- **WORK INSTRUCTIONS**:
Every line in the data below that has the word "unitI" should be returned.

--- SUPPLIED RECORDS Enclosed Below ---

Lemma rho_lt {X : MetSpace} k (x0 : X) a b d : is_loop k x0 a -> is_loop k x0 b ->
  rho k x0 a b < d -> exists a' b', is_loop k x0 a' /\ is_loop k x0 b' /\
    based_htpy k x0 a a' /\ based_htpy k x0 b b' /\ mu k a' b' < d.
Proof.
  intros Ha Hb Hd. apply NNPP. intros Hnone.
  apply (Rlt_not_le _ _ Hd). apply rho_ge; [exact Ha|exact Hb|].
  intros a' b' Ha' Hb' Haa' Hbb'. apply Rnot_lt_le. intros Hlt.
  apply Hnone. exists a', b'. exact (conj Ha' (conj Hb' (conj Haa' (conj Hbb' Hlt)))).
Qed.

Lemma rho_le_of_nonexpanding {X : MetSpace} k (x0 : X)
  (F : ((nat -> R) -> X) -> (nat -> R) -> X) a b c d :
  is_loop k x0 c -> is_loop k x0 d ->
  (forall c' d', is_loop k x0 c' -> is_loop k x0 d' -> mu k (F c') (F d') <= mu k c' d') ->
  (forall c', is_loop k x0 c' -> based_htpy k x0 c c' -> based_htpy k x0 a (F c')) ->
  (forall d', is_loop k x0 d' -> based_htpy k x0 d d' -> based_htpy k x0 b (F d')) ->
  rho k x0 a b <= rho k x0 c d.
Proof.
  intros Hc Hd HF Hac Hbd. apply rho_ge; [exact Hc|exact Hd|].
  intros c' d' Hc' Hd' Hcc' Hdd'.
  apply Rle_trans with (mu k (F c') (F d')); [|apply HF; assumption].
  apply rho_le; eauto using loop_of_based_htpy.
Qed.

(** * Families of paths and gluing along the retraction *)

Definition cont_square {X : MetSpace} (T : R -> R -> X) : Prop :=
  forall s u, unitI s -> unitI u -> forall eps, 0 < eps -> exists delta, 0 < delta /\
    forall s' u', unitI s' -> unitI u' -> Rabs (s - s') < delta -> Rabs (u - u') < delta ->
      mdist (T s u) (T s' u') < eps.

Definition square_lipschitz (phi : R -> R -> R) : Prop :=
  forall s u s' u', unitI s -> unitI u -> unitI s' -> unitI u' ->
    Rabs (phi s u - phi s' u') <= Rabs (s - s') + Rabs (u - u').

--- End of Enclosed SUPPLIED RECORDS ---

- **ANSWER BOX**:
  forall s u, unitI s -> unitI u -> forall eps, 0 < eps -> exists delta, 0 < delta /\
    forall s' u', unitI s' -> unitI u' -> Rabs (s - s') < delta -> Rabs (u - u') < delta ->
  forall s u s' u', unitI s -> unitI u -> unitI s' -> unitI u' ->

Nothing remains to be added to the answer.